OSDK - The Oric Software Development Kit -

Wed 13th May 2020

Optimizing Buggy Boy

Theoric Magazine Optimization strategies Original implementation Horizontal drawing Span initialization Iteration loop Depth computation Too Smart???Keep It Simple Stupid

Now that the final scroller is finally running at an acceptable speed, the second most pressing issue is the Mandelbrot fractal part.

Optimizing a scroller is just a matter of finding a fast way to copy things around, but optimizing a fractal is much more complicated due to the limitations of the 6502 processor regarding doing mathematics.

Theoric Magazine

The idea of having a fractal came from an old Oric Magazine called Theoric.

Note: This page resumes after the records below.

(* Let $\mathbb{X}$ be an ACM set of $s$ distinct reduced points in $\mathbb{P}^1\times\mathbb{P}^1$ over a field $K$ of characteristic zero, with coordinates chosen so that $x_0,y_0$ is a regular sequence in $R_{\mathbb{X}}$, let $r=\#\pi_1(\mathbb{X})$, $t=\#\pi_2(\mathbb{X})$, and let $\vartheta_{\mathbb{X}}$ be its Kähler different. (a) If $r\ge2$, then $\operatorname{HF}_{\vartheta_{\mathbb{X}}}(0,j)=0$ for $j<t-1$. (b) If $t\ge2$, then $\operatorname{HF}_{\vartheta_{\mathbb{X}}}(i,0)=0$ for $i<r-1$. (c) $\vartheta_{\mathbb{X}}$ contains a non-zerodivisor of $R_{\mathbb{X}}$. (d) Let $j\in\mathbb{N}$, let $\{h_1,\dots,h_u\}$ be a bihomogeneous minimal system of generators of $\vartheta_{\mathbb{X}}$ with $\deg(h_k)=(i_k,j_k)$, and let $i_0=\max\{i_k\mid j_k\le j\}$. For $i\ge i_0$, if $\operatorname{HF}_{\vartheta_{\mathbb{X}}}(i,j)=\operatorname{HF}_{\vartheta_{\mathbb{X}}}(i+1,j)$ then $\operatorname{HF}_{\vartheta_{\mathbb{X}}}(i+1,j)=\operatorname{HF}_{\vartheta_{\mathbb{X}}}(i+2,j)$. (e) $\operatorname{HF}_{\vartheta_{\mathbb{X}}}(i,j)=s$ for all $(i,j)\succeq(2r-2,2t-2)$.
   Context: $S=K[X_0,X_1,Y_0,Y_1]$ with $\deg X_i=(1,0)$, $\deg Y_i=(0,1)$; $\succeq$ is the componentwise order. $\pi_1(\mathbb{X})$, $\pi_2(\mathbb{X})$ are the sets of distinct first resp. second coordinates of the points. $R_{\mathbb{X}}=S/I_{\mathbb{X}}$, $x_i,y_i$ the images of $X_i,Y_i$; $\mathbb{X}$ is ACM if $R_{\mathbb{X}}$ is Cohen–Macaulay (then after linear coordinate changes $x_0,y_0$ may be assumed a regular sequence). The Kähler different $\vartheta_{\mathbb{X}}$ is the ideal of $R_{\mathbb{X}}$ generated by the residue classes of $\frac{\partial F_a}{\partial X_1}\frac{\partial F_b}{\partial Y_1}-\frac{\partial F_b}{\partial X_1}\frac{\partial F_a}{\partial Y_1}$ for a bihomogeneous generating set $F_1,\dots,F_u$ of $I_{\mathbb{X}}$ (the initial Fitting ideal of $\Omega^1_{R_{\mathbb{X}}/K[x_0,y_0]}$); $\operatorname{HF}_{\vartheta_{\mathbb{X}}}(i,j)=\dim_K(\vartheta_{\mathbb{X}})_{i,j}$. *)

From mathcomp Require Import all_boot all_order all_algebra.
From mathcomp Require Import mpoly.
From Stdlib Require Import ClassicalEpsilon.

Set Implicit Arguments.
Unset Strict Implicit.
Unset Printing Implicit Defensive.

Import GRing.Theory.
Local Open Scope ring_scope.

(* S = K[X_0, X_1, Y_0, Y_1]; variable indices: X_0 = 0, X_1 = 1, Y_0 = 2, Y_1 = 3. *)
Notation S K := {mpoly K[4]}.

Definition iX0 : 'I_4 := @Ordinal 4 0 isT.
Definition iX1 : 'I_4 := @Ordinal 4 1 isT.
Definition iY0 : 'I_4 := @Ordinal 4 2 isT.
Definition iY1 : 'I_4 := @Ordinal 4 3 isT.

Definition bideg (m : 'X_{1..4}) : nat * nat :=
  ((m iX0 + m iX1)%N, (m iY0 + m iY1)%N).

Section Defs.
Variable K : fieldType.

Definition bihomog (i j : nat) (f : S K) : bool :=
  all (fun m => bideg m == (i, j)) (msupp f).

Definition bicomp (i j : nat) (f : S K) : S K :=
  \sum_(m <- msupp f | bideg m == (i, j)) f@_m *: 'X_[m].

(* a point of P^1 x P^1 given by affine representatives (a0,a1,b0,b1),
   encoded as the evaluation vector for (X_0, X_1, Y_0, Y_1) *)
Definition pt := 'I_4 -> K.

Definition valid_pt (p : pt) : Prop :=
  ((p iX0 != 0) || (p iX1 != 0)) /\ ((p iY0 != 0) || (p iY1 != 0)).

(* same first (resp. second) projective coordinate *)
Definition same1 (p q : pt) : bool := p iX0 * q iX1 == p iX1 * q iX0.
Definition same2 (p q : pt) : bool := p iY0 * q iY1 == p iY1 * q iY0.

Definition distinct_pts (s : nat) (P : 'I_s -> pt) : Prop :=
  (forall k, valid_pt (P k)) /\
  (forall k l, k != l -> ~~ (same1 (P k) (P l) && same2 (P k) (P l))).

(* #pi_1(X), #pi_2(X): number of distinct first/second coordinates *)
Definition card_pi1 (s : nat) (P : 'I_s -> pt) : nat :=
  #|[set k : 'I_s | [forall l : 'I_s, (l < k)%N ==> ~~ same1 (P l) (P k)]]|.
Definition card_pi2 (s : nat) (P : 'I_s -> pt) : nat :=
  #|[set k : 'I_s | [forall l : 'I_s, (l < k)%N ==> ~~ same2 (P l) (P k)]]|.

Definition IX (s : nat) (P : 'I_s -> pt) : S K -> Prop :=
  fun f => forall (k : 'I_s) (i j : nat), (bicomp i j f).@[P k] = 0.

Definition in_ideal (gs : seq (S K)) (f : S K) : Prop :=
  exists cs : 'I_(size gs) -> S K, f = \sum_(k < size gs) cs k * gs`_k.

Definition bihom_gens_IX (s : nat) (P : 'I_s -> pt) (F : seq (S K)) : Prop :=
  (forall k : 'I_(size F), exists i j, bihomog i j F`_k) /\
  (forall k : 'I_(size F), IX P F`_k) /\
  (forall f, IX P f <-> in_ideal F f).

Definition kjac (Fa Fb : S K) : S K :=
  Fa^`M(iX1) * Fb^`M(iY1) - Fb^`M(iX1) * Fa^`M(iY1).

One of the issues contained a small BASIC program which could render arbitrary parts of the Mandelbrot set, in full color.

It was obviously terribly slow, but you could just change the parameters and let it run during the night, and on the next morning you would have your beautiful fractal on the screen ready to be saved to tape :)

4 video modes

Just for the sake of completeness here is the complete original¹ source code:


  0 PAPER 0:INK 4
 10 HIRES:DOKE #306,#FFFF
 11 PAPER 0:INK 3

 15 PR=19:D1=64:D2=32:D3=512:D4=15

 20 FOR I=1 TO 199 STEP 2
 30   CURSET 0,I,3:FILL 1,1,16+4
 40   CURSET 6,I-1,3:FILL 1,1,1
 50 NEXT

 60 FOR X=11 TO 237 STEP 2
 70   FOR Y=0 TO 199 STEP 2
 79     N=PR:X1=X-100:Y1=Y-100:XN=X1:YN=Y1
 80     REPEAT
 81       D=XN+YN:B=XN-YN:C=XN*YN
 82       XN=D*B/D1-X1:YN=C/D2-Y1:N=N-1
 83     UNTIL N=0 OR (ABS(XN)+ABS(YN)>D3)
 90     IF N AND 1 THEN CURSET X,Y,1
 91     IF N AND 2 THEN CURSET X+1,Y,1
 92     IF N AND 4 THEN CURSET X,Y+1,1
 93     IF N AND 8 THEN CURSET X+1,Y+1,1
120   NEXT
125 NEXT
130 DOKE #306,10000:END

The program is not very complicated:

Line 15 defines the Mandelbrot set to compute
Lines 20-50 sets some attributes on the screen to achieve the color effects
Line 60 is the outer loop iterating horizontally on the screen
Line 70 is the second loop iterating vertically on the screen
Lines 79-83 compute the actual color of the point at this location
Lines 90-93 draw some points to achieve the dithering effect based on the point color

One doe not need a PhD to figure out that the core of the performance is spent in the REPEAT-UNTIL section²!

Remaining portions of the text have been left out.